- Task brief
The lines to return are those below that contain the word "products".

Collected data:
____
Definition scomm (X Y : J -> J) : J -> J := fun a =>
  \sum_(p : bool) \sum_(q : bool)
     (mpart p X (mpart q Y a) - (-1) ^+ (p && q) *: mpart q Y (mpart p X a)).

(* the basis v_k, y_k and the automorphisms phi = (1 2 3), tau = (1 2) *)
Definition vb (p : bool) (k : nat) : J :=
  if (k == 1) || (k == 2) then sqrtm1 *: mk (bas p k) 1 else mk (bas p k) 1.
(* e_(p,k) = cw k *: vb p k, since w_k = -sqrt(-1) v_k for k=1,2 *)
Definition cw (k : nat) : F := if (k == 1) || (k == 2) then - sqrtm1 else 1.
Definition zlin (img : bidx -> J) (a : J) : J := \sum_(b : bidx) zscale (a b) (img b).
Definition cyc3 (k : nat) : nat := match k with 0 => 0 | 1 => 2 | 2 => 3 | _ => 1 end.
Definition sw12 (k : nat) : nat := match k with 1 => 2 | 2 => 1 | k => k end.
Definition phiJ : J -> J :=
  zlin (fun b => cw b.2 *: vb b.1 (cyc3 b.2)).
Definition tauJ : J -> J :=
  zlin (fun b => cw b.2 *: (if nat_of_ord b.2 == 0 then vb b.1 0 else - vb b.1 (sw12 b.2))).

Definition phiD (X : J -> J) : J -> J := phiJ \o X \o (phiJ \o phiJ).   (* phi^-1 = phi^2 *)
Definition phi2D (X : J -> J) : J -> J := (phiJ \o phiJ) \o X \o phiJ.
Definition tauD (X : J -> J) : J -> J := tauJ \o X \o tauJ.             (* tau^-1 = tau *)

Definition ckmulA (X Y : J -> J) : J -> J := fun a => - tauD (scomm (phiD X) (phi2D Y)) a.
Definition ckbarA (X : J -> J) : J -> J := fun a => - tauD X a.

Definition Dop (pa pb : bool) (a b : J) : J -> J :=
  fun c => mulJ a (mulJ b c) - (-1) ^+ (pa && pb) *: mulJ b (mulJ a c).

(* K = Z + Zy as a subset of J (y = x) *)
Definition inK (a : J) : Prop := forall b : bidx, nat_of_ord b.2 != 0 -> a b = 0.

Definition PhiK (a : J) : J -> J := fun c =>
  Dop false false (vb false 1) (zscale (a (bas false 0)) (vb false 2)) c
  + sqrtm1 *: Dop false true (vb false 3) (zscale (a (bas true 0)) (vb true 0)) c.

End CK.

(* The proof works in coordinates: an element of J is the 8-tuple of its
   Z-coordinates along 1, w_1, w_2, w_3, x, x_1, x_2, x_3 (mkJ).  We first
   compute the product of J, the automorphisms phi, tau and the maps Phi a
   in coordinates; afterwards every identity between explicit elements of J
   reduces to eight identities in the commutative algebra Z, closed by ring
   once delta is pushed through sums and products by the Leibniz rule.
   - Phi(f + g y) = Deven f + Dodd g, an even plus an odd superderivation of
     degree [1,1]; so Phi maps K into A.  Injectivity, F-linearity, parity,
     bar-invariance and multiplicativity of Phi are coordinate computations.
   - Surjectivity (classification of A): for X = D0 + D1 in A the degree
     condition makes D0, D1 send each basis monomial h e_b to a monomial;
     the Leibniz rule on a few products of basis monomials expresses all
     these coefficients through f = (X w_1)_{w_2} and G = (X x_3)_1, giving
     X = Phi(f - sqrt(-1) G y).
   - Finally bar X = X on A because bar (Phi a) = Phi a. *)

From Pilot Require Import Defs.
From HB Require Import structures.
From mathcomp Require Import all_boot all_order all_algebra.
From mathcomp Require Import ring.
From Stdlib Require Import FunctionalExtensionality.
Import GRing.Theory.
Set Implicit Arguments.
Unset Strict Implicit.
Unset Printing Implicit Defensive.
Local Open Scope ring_scope.

Definition i0 : 'I_4 := @Ordinal 4 0 isT.
Definition i1 : 'I_4 := @Ordinal 4 1 isT.
Definition i2 : 'I_4 := @Ordinal 4 2 isT.
Definition i3 : 'I_4 := @Ordinal 4 3 isT.

Lemma inord_i0 : (inord 0 : 'I_4) = i0. Proof. by apply/val_inj; rewrite /= inordK. Qed.
Lemma inord_i1 : (inord 1 : 'I_4) = i1. Proof. by apply/val_inj; rewrite /= inordK. Qed.
Lemma inord_i2 : (inord 2 : 'I_4) = i2. Proof. by apply/val_inj; rewrite /= inordK. Qed.
Lemma inord_i3 : (inord 3 : 'I_4) = i3. Proof. by apply/val_inj; rewrite /= inordK. Qed.

Lemma sum_bidx (R : nmodType) (G : bidx -> R) :
  \sum_(b : bidx) G b = G (false,i0) + G (false,i1) + G (false,i2) + G (false,i3)
     + (G (true,i0) + G (true,i1) + G (true,i2) + G (true,i3)).
Proof.
rewrite (eq_bigr (fun b : bool * 'I_4 => G (b.1, b.2))); last by case.
rewrite -(pair_bigA _ (fun p k => G (p,k))) /= big_bool /= addrC.
rewrite !big_ord_recl !big_ord0 !addr0 !addrA.
have -> : (lift ord0 ord0 : 'I_4) = i1 by apply/val_inj.
have -> : (lift ord0 (lift ord0 ord0) : 'I_4) = i2 by apply/val_inj.
have -> : (lift ord0 (lift ord0 (lift ord0 ord0)) : 'I_4) = i3 by apply/val_inj.
by have -> : (ord0 : 'I_4) = i0 by apply/val_inj.
Qed.

Local Notation "'W0' a" := (a (false, i0)) (at level 10, a at level 8).
Local Notation "'W1' a" := (a (false, i1)) (at level 10, a at level 8).
Local Notation "'W2' a" := (a (false, i2)) (at level 10, a at level 8).
Local Notation "'W3' a" := (a (false, i3)) (at level 10, a at level 8).
Local Notation "'X0' a" := (a (true, i0)) (at level 10, a at level 8).
Local Notation "'X1' a" := (a (true, i1)) (at level 10, a at level 8).
Local Notation "'X2' a" := (a (true, i2)) (at level 10, a at level 8).
Local Notation "'X3' a" := (a (true, i3)) (at level 10, a at level 8).

Section Coordinates.
Variables (F : fieldType) (Z : comAlgType F).
Local Notation J := (J Z).

Definition mkJ (z0 z1 z2 z3 y0 y1 y2 y3 : Z) : J := [ffun b : bidx => if b.1 then
   (match nat_of_ord b.2 with 0 => y0 | 1 => y1 | 2 => y2 | _ => y3 end) else
   (match nat_of_ord b.2 with 0 => z0 | 1 => z1 | 2 => z2 | _ => z3 end)].

Lemma Jext (a b : J) : W0 a = W0 b -> W1 a = W1 b -> W2 a = W2 b -> W3 a = W3 b ->
  X0 a = X0 b -> X1 a = X1 b -> X2 a = X2 b -> X3 a = X3 b -> a = b.
Proof.
move=> e0 e1 e2 e3 f0 f1 f2 f3; apply/ffunP => -[[] [[|[|[|[|k]]]] Hk]] //=.
all: by [ have -> : Ordinal Hk = i0 by apply/val_inj
        | have -> : Ordinal Hk = i1 by apply/val_inj
        | have -> : Ordinal Hk = i2 by apply/val_inj
        | have -> : Ordinal Hk = i3 by apply/val_inj ].
Qed.

Lemma mkJ_eta (a : J) : a = mkJ (W0 a) (W1 a) (W2 a) (W3 a) (X0 a) (X1 a) (X2 a) (X3 a).
Proof. by apply: Jext; rewrite ffunE. Qed.

Lemma mkJ_eq z0 z1 z2 z3 y0 y1 y2 y3 z0' z1' z2' z3' y0' y1' y2' y3' :
  z0 = z0' -> z1 = z1' -> z2 = z2' -> z3 = z3' -> y0 = y0' -> y1 = y1' -> y2 = y2' -> y3 = y3' ->
  mkJ z0 z1 z2 z3 y0 y1 y2 y3 = mkJ z0' z1' z2' z3' y0' y1' y2' y3'.
Proof. by move=> -> -> -> -> -> -> -> ->. Qed.

Section CoordinateVectors.
Variables (z0 z1 z2 z3 y0 y1 y2 y3 : Z).
Local Notation A := (mkJ z0 z1 z2 z3 y0 y1 y2 y3).

Lemma W0E : W0 A = z0. Proof. by rewrite ffunE. Qed.
Lemma W1E : W1 A = z1. Proof. by rewrite ffunE. Qed.
Lemma W2E : W2 A = z2. Proof. by rewrite ffunE. Qed.
Lemma W3E : W3 A = z3. Proof. by rewrite ffunE. Qed.
Lemma X0E : X0 A = y0. Proof. by rewrite ffunE. Qed.
Lemma X1E : X1 A = y1. Proof. by rewrite ffunE. Qed.
Lemma X2E : X2 A = y2. Proof. by rewrite ffunE. Qed.
Lemma X3E : X3 A = y3. Proof. by rewrite ffunE. Qed.

Lemma mkJ_sum : A =
  mkJ z0 0 0 0 0 0 0 0 + mkJ 0 z1 0 0 0 0 0 0 + mkJ 0 0 z2 0 0 0 0 0 + mkJ 0 0 0 z3 0 0 0 0 +
  (mkJ 0 0 0 0 y0 0 0 0 + mkJ 0 0 0 0 0 y1 0 0 + mkJ 0 0 0 0 0 0 y2 0 + mkJ 0 0 0 0 0 0 0 y3).
Proof. by apply: Jext; rewrite !ffunE /= ?(addr0, add0r). Qed.

Lemma spr_evenE : spr false A = mkJ z0 z1 z2 z3 0 0 0 0.
Proof. by apply: Jext; rewrite !ffunE. Qed.
Lemma spr_oddE : spr true A = mkJ 0 0 0 0 y0 y1 y2 y3.
Proof. by apply: Jext; rewrite !ffunE. Qed.
Lemma zpr00E : zpr (false,false) A = mkJ z0 0 0 0 y0 0 0 0.
Proof. by apply: Jext; rewrite !ffunE. Qed.
Lemma zpr10E : zpr (true,false) A = mkJ 0 z1 0 0 0 y1 0 0.
Proof. by apply: Jext; rewrite !ffunE. Qed.
Lemma zpr01E : zpr (false,true) A = mkJ 0 0 z2 0 0 0 y2 0.
Proof. by apply: Jext; rewrite !ffunE. Qed.
Lemma zpr11E : zpr (true,true) A = mkJ 0 0 0 z3 0 0 0 y3.
Proof. by apply: Jext; rewrite !ffunE. Qed.

Variables (z0' z1' z2' z3' y0' y1' y2' y3' : Z).
Local Notation B := (mkJ z0' z1' z2' z3' y0' y1' y2' y3').

Lemma addE : A + B = mkJ (z0 + z0') (z1 + z1') (z2 + z2') (z3 + z3')
                         (y0 + y0') (y1 + y1') (y2 + y2') (y3 + y3').
Proof. by apply: Jext; rewrite !ffunE. Qed.
Lemma subE : A - B = mkJ (z0 - z0') (z1 - z1') (z2 - z2') (z3 - z3')
                         (y0 - y0') (y1 - y1') (y2 - y2') (y3 - y3').
Proof. by apply: Jext; rewrite !ffunE. Qed.
Lemma oppE : - A = mkJ (- z0) (- z1) (- z2) (- z3) (- y0) (- y1) (- y2) (- y3).
Proof. by apply: Jext; rewrite !ffunE. Qed.
Lemma scaleE (r : F) : r *: A = mkJ (r%:A * z0) (r%:A * z1) (r%:A * z2) (r%:A * z3)
                                    (r%:A * y0) (r%:A * y1) (r%:A * y2) (r%:A * y3).
Proof. by apply: Jext; rewrite !ffunE /= mulr_algl. Qed.
Lemma zscaleE (f : Z) : zscale f A = mkJ (f * z0) (f * z1) (f * z2) (f * z3)
                                         (f * y0) (f * y1) (f * y2) (f * y3).
Proof. by apply: Jext; rewrite !ffunE. Qed.
End CoordinateVectors.

Lemma mk_f0 z : mk (false, i0) z = mkJ z 0 0 0 0 0 0 0. Proof. by apply: Jext; rewrite /mk !ffunE /=. Qed.
Lemma mk_f1 z : mk (false, i1) z = mkJ 0 z 0 0 0 0 0 0. Proof. by apply: Jext; rewrite /mk !ffunE /=. Qed.
Lemma mk_f2 z : mk (false, i2) z = mkJ 0 0 z 0 0 0 0 0. Proof. by apply: Jext; rewrite /mk !ffunE /=. Qed.
Lemma mk_f3 z : mk (false, i3) z = mkJ 0 0 0 z 0 0 0 0. Proof. by apply: Jext; rewrite /mk !ffunE /=. Qed.
Lemma mk_t0 z : mk (true, i0) z = mkJ 0 0 0 0 z 0 0 0. Proof. by apply: Jext; rewrite /mk !ffunE /=. Qed.
Lemma mk_t1 z : mk (true, i1) z = mkJ 0 0 0 0 0 z 0 0. Proof. by apply: Jext; rewrite /mk !ffunE /=. Qed.
Lemma mk_t2 z : mk (true, i2) z = mkJ 0 0 0 0 0 0 z 0. Proof. by apply: Jext; rewrite /mk !ffunE /=. Qed.
Lemma mk_t3 z : mk (true, i3) z = mkJ 0 0 0 0 0 0 0 z. Proof. by apply: Jext; rewrite /mk !ffunE /=. Qed.

Lemma inK_coords (a : J) : inK a -> a = mkJ (W0 a) 0 0 0 (X0 a) 0 0 0.
Proof. by move=> Ka; apply: Jext; rewrite !ffunE //=; apply: Ka. Qed.

Lemma spr_add p (a b : J) : spr p (a + b) = spr p a + spr p b.
Proof. by apply/ffunP => x; rewrite !ffunE; case: (x.1 == p); rewrite ?addr0. Qed.

Lemma spr_orth p (a : J) : spr p (spr (~~ p) a) = 0.
Proof. by apply/ffunP => -[q k]; rewrite !ffunE /=; case: p; case: q. Qed.

Lemma scommE (X Y : J -> J) c : scomm X Y c =
  (mpart true X (mpart true Y c) + mpart true Y (mpart true X c)
   + (mpart true X (mpart false Y c) - mpart false Y (mpart true X c)))
  + (mpart false X (mpart true Y c) - mpart true Y (mpart false X c)
   + (mpart false X (mpart false Y c) - mpart false Y (mpart false X c))).
Proof. by rewrite /scomm !big_bool /= expr1 expr0 scaleN1r !scale1r opprK. Qed.

End Coordinates.

Lemma eq_from_multiple (R : pzRingType) (c s t u v : R) :
  u = v -> s - t = c * (u - v) -> s = t.
Proof. by move=> -> /eqP; rewrite subrr mulr0 subr_eq0 => /eqP. Qed.
Arguments eq_from_multiple {R} c {s t u v}.

Section ProductTable.
Variables (F : fieldType) (Z : comAlgType F) (delta : Z -> Z).
Local Notation J := (J Z).
Local Notation mulJ := (mulJ delta).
____
- Answer to this task
   once delta is pushed through sums and products by the Leibniz rule.
     the Leibniz rule on a few products of basis monomials expresses all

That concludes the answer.